(* Let $n\ge 2$ and $M,M'\in M_n(k)$. Then the DG algebras $\mathcal{A}_{\mathcal{O}_{-1}(k^n)}(M)$ and $\mathcal{A}_{\mathcal{O}_{-1}(k^n)}(M')$ are isomorphic (as DG algebras) if and only if there exists $C=(c_{ij})_{n\times n}\in \mathrm{QPL}_n(k)$ such that $M'=C^{-1}M\,(c_{ij}^2)_{n\times n}$.
   Context: $k$ is an algebraically closed field of characteristic zero. A connected cochain DG algebra is a graded $k$-algebra $\mathcal{A}=\bigoplus_{i\ge0}\mathcal{A}^i$ with $\mathcal{A}^0=k$ and a degree $+1$ differential $\partial$ with $\partial^2=0$ satisfying the Leibniz rule $\partial(ab)=\partial(a)b+(-1)^{|a|}a\partial(b)$. $\mathcal{O}_{-1}(k^n)$ is the graded $k$-algebra generated by degree-one elements $x_1,\dots,x_n$ subject to $x_ix_j=-x_jx_i$ for $1\le i<j\le n$. For $M=(m_{ij})\in M_n(k)$, $\mathcal{A}_{\mathcal{O}_{-1}(k^n)}(M)$ denotes the connected cochain DG algebra with underlying graded algebra $\mathcal{O}_{-1}(k^n)$ and differential determined by $\partial(x_i)=\sum_{j=1}^n m_{ij}x_j^2$ and the Leibniz rule. A DG algebra isomorphism is an isomorphism of graded algebras commuting with the differentials. $\mathrm{QPL}_n(k)$ is the set of invertible $n\times n$ matrices over $k$ having exactly one nonzero entry in each row and each column (nonsingular quasi-permutation matrices). For $C=(c_{ij})$, $(c_{ij}^2)_{n\times n}$ is the matrix of entrywise squares. *)

From HB Require Import structures.
From mathcomp Require Import all_boot all_order all_algebra.
From mathcomp Require Import mpoly.
Set Implicit Arguments. Unset Strict Implicit. Unset Printing Implicit Defensive.
Import Order.TTheory GRing.Theory.
Local Open Scope ring_scope.

(* The graded algebra O_{-1}(k^n) is modelled on the k-vector space
   {mpoly k[n]}, whose basis is the set of ordered monomials
   x^a = x_1^{a_1} ... x_n^{a_n}  ('X_[a]).  The (skew) multiplication is
   x^a * x^b = (-1)^{sum_{i>j} a_i b_j} x^{a+b}, which is exactly the
   product of O_{-1}(k^n) (x_i x_j = - x_j x_i for i <> j) in this basis. *)

Section Skew.
Variables (k : fieldType) (n : nat).

Definition osign (m1 m2 : 'X_{1..n}) : k :=
  (-1) ^+ (\sum_(i < n) \sum_(j < n | (j < i)%N) (m1 i * m2 j))%N.

Definition omul (p q : {mpoly k[n]}) : {mpoly k[n]} :=
  \sum_(m1 <- msupp p) \sum_(m2 <- msupp q)
     (osign m1 m2 * p@_m1 * q@_m2) *: 'X_[(m1 + m2)%MM].

Definition ogen (i : 'I_n) : {mpoly k[n]} := 'X_i.

Definition ohomog (d : nat) (p : {mpoly k[n]}) : bool :=
  all (fun m => mdeg m == d) (msupp p).

Definition dgen (M : 'M[k]_n) (i : 'I_n) : {mpoly k[n]} :=
  \sum_(j < n) M i j *: omul (ogen j) (ogen j).

(* For the ordered monomial x^a, the (s+1)-th copy of x_i splits x^a as
   x^a = L * x_i * R with L = x_1^{a_1}..x_{i-1}^{a_{i-1}} x_i^s and
   R = x_i^{a_i-s-1} x_{i+1}^{a_{i+1}} .. x_n^{a_n}. *)
Definition mleft (a : 'X_{1..n}) (i : 'I_n) (s : nat) : 'X_{1..n} :=
  [multinom (if (j < i)%N then a j else if j == i then s else 0%N) | j < n].
Definition mright (a : 'X_{1..n}) (i : 'I_n) (s : nat) : 'X_{1..n} :=
  [multinom (if (j < i)%N then 0%N else if j == i then (a i - s - 1)%N
             else a j) | j < n].

(* The differential of A(M) on a basis monomial: the unique extension by the
   graded Leibniz rule, d(y_1...y_N) = sum_t (-1)^{t-1} y_1..y_{t-1} d(y_t)
   y_{t+1}..y_N, for degree-one letters y_t. *)
Definition dmon (M : 'M[k]_n) (a : 'X_{1..n}) : {mpoly k[n]} :=
  \sum_(i < n) \sum_(s < a i)
    ((-1) ^+ (mdeg (mleft a i s))) *:
       omul (omul 'X_[mleft a i s] (dgen M i)) 'X_[mright a i s].

Definition dA (M : 'M[k]_n) (p : {mpoly k[n]}) : {mpoly k[n]} :=
  \sum_(m <- msupp p) p@_m *: dmon M m.

Definition graded_alg_iso (phi : {mpoly k[n]} -> {mpoly k[n]}) : Prop :=
  [/\ (forall (c : k) p q, phi (c *: p + q) = c *: phi p + phi q),
      phi 1 = 1,
      (forall p q, phi (omul p q) = omul (phi p) (phi q)),
      (forall d p, ohomog d p -> ohomog d (phi p)) &
      bijective phi].

Definition dg_isomorphic (M M' : 'M[k]_n) : Prop :=
  exists phi : {mpoly k[n]} -> {mpoly k[n]},
    graded_alg_iso phi /\ forall p, phi (dA M p) = dA M' (phi p).

Definition QPL (C : 'M[k]_n) : bool :=
  [&& C \in unitmx,
      [forall i, #|[set j | C i j != 0]| == 1%N] &
      [forall j, #|[set i | C i j != 0]| == 1%N]].

End Skew.

From HB Require Import structures.
From mathcomp Require Import all_boot all_order all_algebra.
From mathcomp Require Import mpoly.
From mathcomp Require Import fingroup perm.
From mathcomp Require Import ring zify.
Set Implicit Arguments. Unset Strict Implicit. Unset Printing Implicit Defensive.
Import GRing.Theory.
Local Open Scope ring_scope.

(* A DG isomorphism phi preserves degrees, so phi x_i = sum_j c_ij x_j for an
   invertible matrix C = (c_ij).  For i <> j, x_i x_j + x_j x_i = 0, and the
   coefficient of x_l^2 in its image is 2 c_il c_jl; as 2 <> 0, distinct rows
   of C have disjoint supports, which for an invertible matrix forces C to be a
   quasi-permutation matrix.  Comparing the coefficients of the squares x_l^2
   in phi (d x_i) = d' (phi x_i) gives M C^(2) = C M'.
   Conversely, write C = (d_i [j = s i]) for a permutation s.  The map sending
   x^a to (prod_i d_i^(a_i)) (-1)^(e(a)) x^(s a), where e(a) sums a_i a_j over
   the inversions i < j, s j < s i of s, is an isomorphism of graded algebras:
   the sign accounts for reordering the letters after renaming x_i to x_(s i).
   Since squares are central, d x^a = sum_i (+-) [a_i odd] x^(a - e_i) d x_i,
   and M C^(2) = C M' reads d_i M'_(s i, s l) = M_(i l) d_l^2, which is exactly
   what is needed for this map to intertwine the differentials. *)

Local Notation "U2_( j )" := (U_(j) + U_(j))%MM (format "U2_( j )").

Section LinearExtension.
Variables (k : fieldType) (n : nat) (V : lmodType k).
Local Notation P := {mpoly k[n]}.

Definition mlinext (F : 'X_{1..n} -> V) (p : P) : V :=
  \sum_(m <- msupp p) p@_m *: F m.

Lemma mlinext_seq (F : 'X_{1..n} -> V) p s :
  uniq s -> {subset msupp p <= s} -> mlinext F p = \sum_(m <- s) p@_m *: F m.
Proof.
move=> s_uniq supp_s; rewrite (bigID (mem (msupp p))) /= [X in _ + X]big1 ?addr0.
  rewrite -big_filter; apply/perm_big/uniq_perm; rewrite ?filter_uniq ?msupp_uniq //.
  by move=> m; rewrite mem_filter andb_idr //; apply: supp_s.
by move=> m /memN_msupp_eq0 ->; rewrite scale0r.
Qed.

Lemma mlinext_is_linear F : linear (mlinext F).
Proof.
move=> c p q; set s := undup (msupp p ++ msupp q ++ msupp (c *: p + q)).
have [sub_p sub_q sub_pq] : [/\ {subset msupp p <= s}, {subset msupp q <= s}
    & {subset msupp (c *: p + q) <= s}].
  by split=> m m_supp; rewrite mem_undup !mem_cat m_supp ?orbT.
rewrite !(@mlinext_seq F _ s) ?undup_uniq // scaler_sumr -big_split; apply: eq_bigr => m _.
by rewrite mcoeffD mcoeffZ scalerDl scalerA.
Qed.

HB.instance Definition _ F :=
  GRing.isLinear.Build k P V *:%R (mlinext F) (mlinext_is_linear F).

Lemma mlinextX F m : mlinext F 'X_[m] = F m.
Proof. by rewrite /mlinext msuppX big_seq1 mcoeffX eqxx scale1r. Qed.

Lemma linear_mpoly_eq (f g : P -> V) : linear f -> linear g ->
  (forall m, f 'X_[m] = g 'X_[m]) -> f =1 g.
Proof.
move=> f_lin g_lin fg p.
pose fL : {linear P -> V} := HB.pack f (GRing.isLinear.Build _ _ _ _ f f_lin).
pose gL : {linear P -> V} := HB.pack g (GRing.isLinear.Build _ _ _ _ g g_lin).
rewrite (mpolyE p) -[f _]/(fL _) -[g _]/(gL _) !linear_sum.
by apply: eq_bigr => m _; rewrite !linearZ /= fg.
Qed.

End LinearExtension.

Section MultinomialForms.
Variable n : nat.
Implicit Types (Q : rel 'I_n) (a b c : 'X_{1..n}) (i : 'I_n).

Lemma sum_mnm1 (P : pred 'I_n) i : (\sum_(j < n | P j) U_(i)%MM j)%N = P i.
Proof.
rewrite big_mkcond (bigD1 i) //= big1 => [|j ji]; last first.
  by rewrite mnm1E eq_sym (negbTE ji); case: (P j).
by rewrite mnm1E eqxx addn0; case: (P i).
Qed.

Lemma sum_addmnm1 (P : pred 'I_n) b i :
  (\sum_(j < n | P j) (b + U_(i))%MM j = \sum_(j < n | P j) b j + P i)%N.
Proof. by under eq_bigr do rewrite mnmDE; rewrite big_split sum_mnm1. Qed.

Definition mform Q a b : nat := \sum_(i < n) \sum_(j < n | Q i j) a i * b j.

Lemma mformDl Q a b c : mform Q (a + b) c = (mform Q a c + mform Q b c)%N.
Proof.
rewrite /mform -big_split; apply: eq_bigr => i _; rewrite -big_split.
by apply: eq_bigr => j _; rewrite mnmDE mulnDl.
Qed.

Lemma mformDr Q a b c : mform Q a (b + c) = (mform Q a b + mform Q a c)%N.
Proof.
rewrite /mform -big_split; apply: eq_bigr => i _; rewrite -big_split.
by apply: eq_bigr => j _; rewrite mnmDE mulnDr.
Qed.

Lemma mform_tr Q a b : mform Q a b = mform (fun i j => Q j i) b a.
Proof.
rewrite /mform (exchange_big_dep xpredT) //=; apply: eq_bigr => j _.
by apply: eq_bigr => i _; rewrite mulnC.
Qed.

Lemma mform_mnm1l Q i b : mform Q U_(i) b = (\sum_(j < n | Q i j) b j)%N.
Proof.
rewrite /mform (bigD1 i) //= [X in (_ + X)%N]big1 => [|i' i'i]; last first.
  by rewrite big1 // => j _; rewrite mnm1E eq_sym (negbTE i'i).
by rewrite addn0; apply: eq_bigr => j _; rewrite mnm1E eqxx mul1n.
Qed.

Lemma mform_mnm1r Q a j : mform Q a U_(j) = (\sum_(i < n | Q i j) a i)%N.
Proof. by rewrite mform_tr mform_mnm1l. Qed.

————

ASSIGNMENT =
Starting at the line that has "Section MultinomialForms." in the records above, restate word for word every line until the one that has "Proof. by under", and include that one as well.

YOUR RESPONSE =
Section MultinomialForms.
Variable n : nat.
Implicit Types (Q : rel 'I_n) (a b c : 'X_{1..n}) (i : 'I_n).

Lemma sum_mnm1 (P : pred 'I_n) i : (\sum_(j < n | P j) U_(i)%MM j)%N = P i.
Proof.
rewrite big_mkcond (bigD1 i) //= big1 => [|j ji]; last first.
  by rewrite mnm1E eq_sym (negbTE ji); case: (P j).
by rewrite mnm1E eqxx addn0; case: (P i).
Qed.

Lemma sum_addmnm1 (P : pred 'I_n) b i :
  (\sum_(j < n | P j) (b + U_(i))%MM j = \sum_(j < n | P j) b j + P i)%N.
Proof. by under eq_bigr do rewrite mnmDE; rewrite big_split sum_mnm1. Qed.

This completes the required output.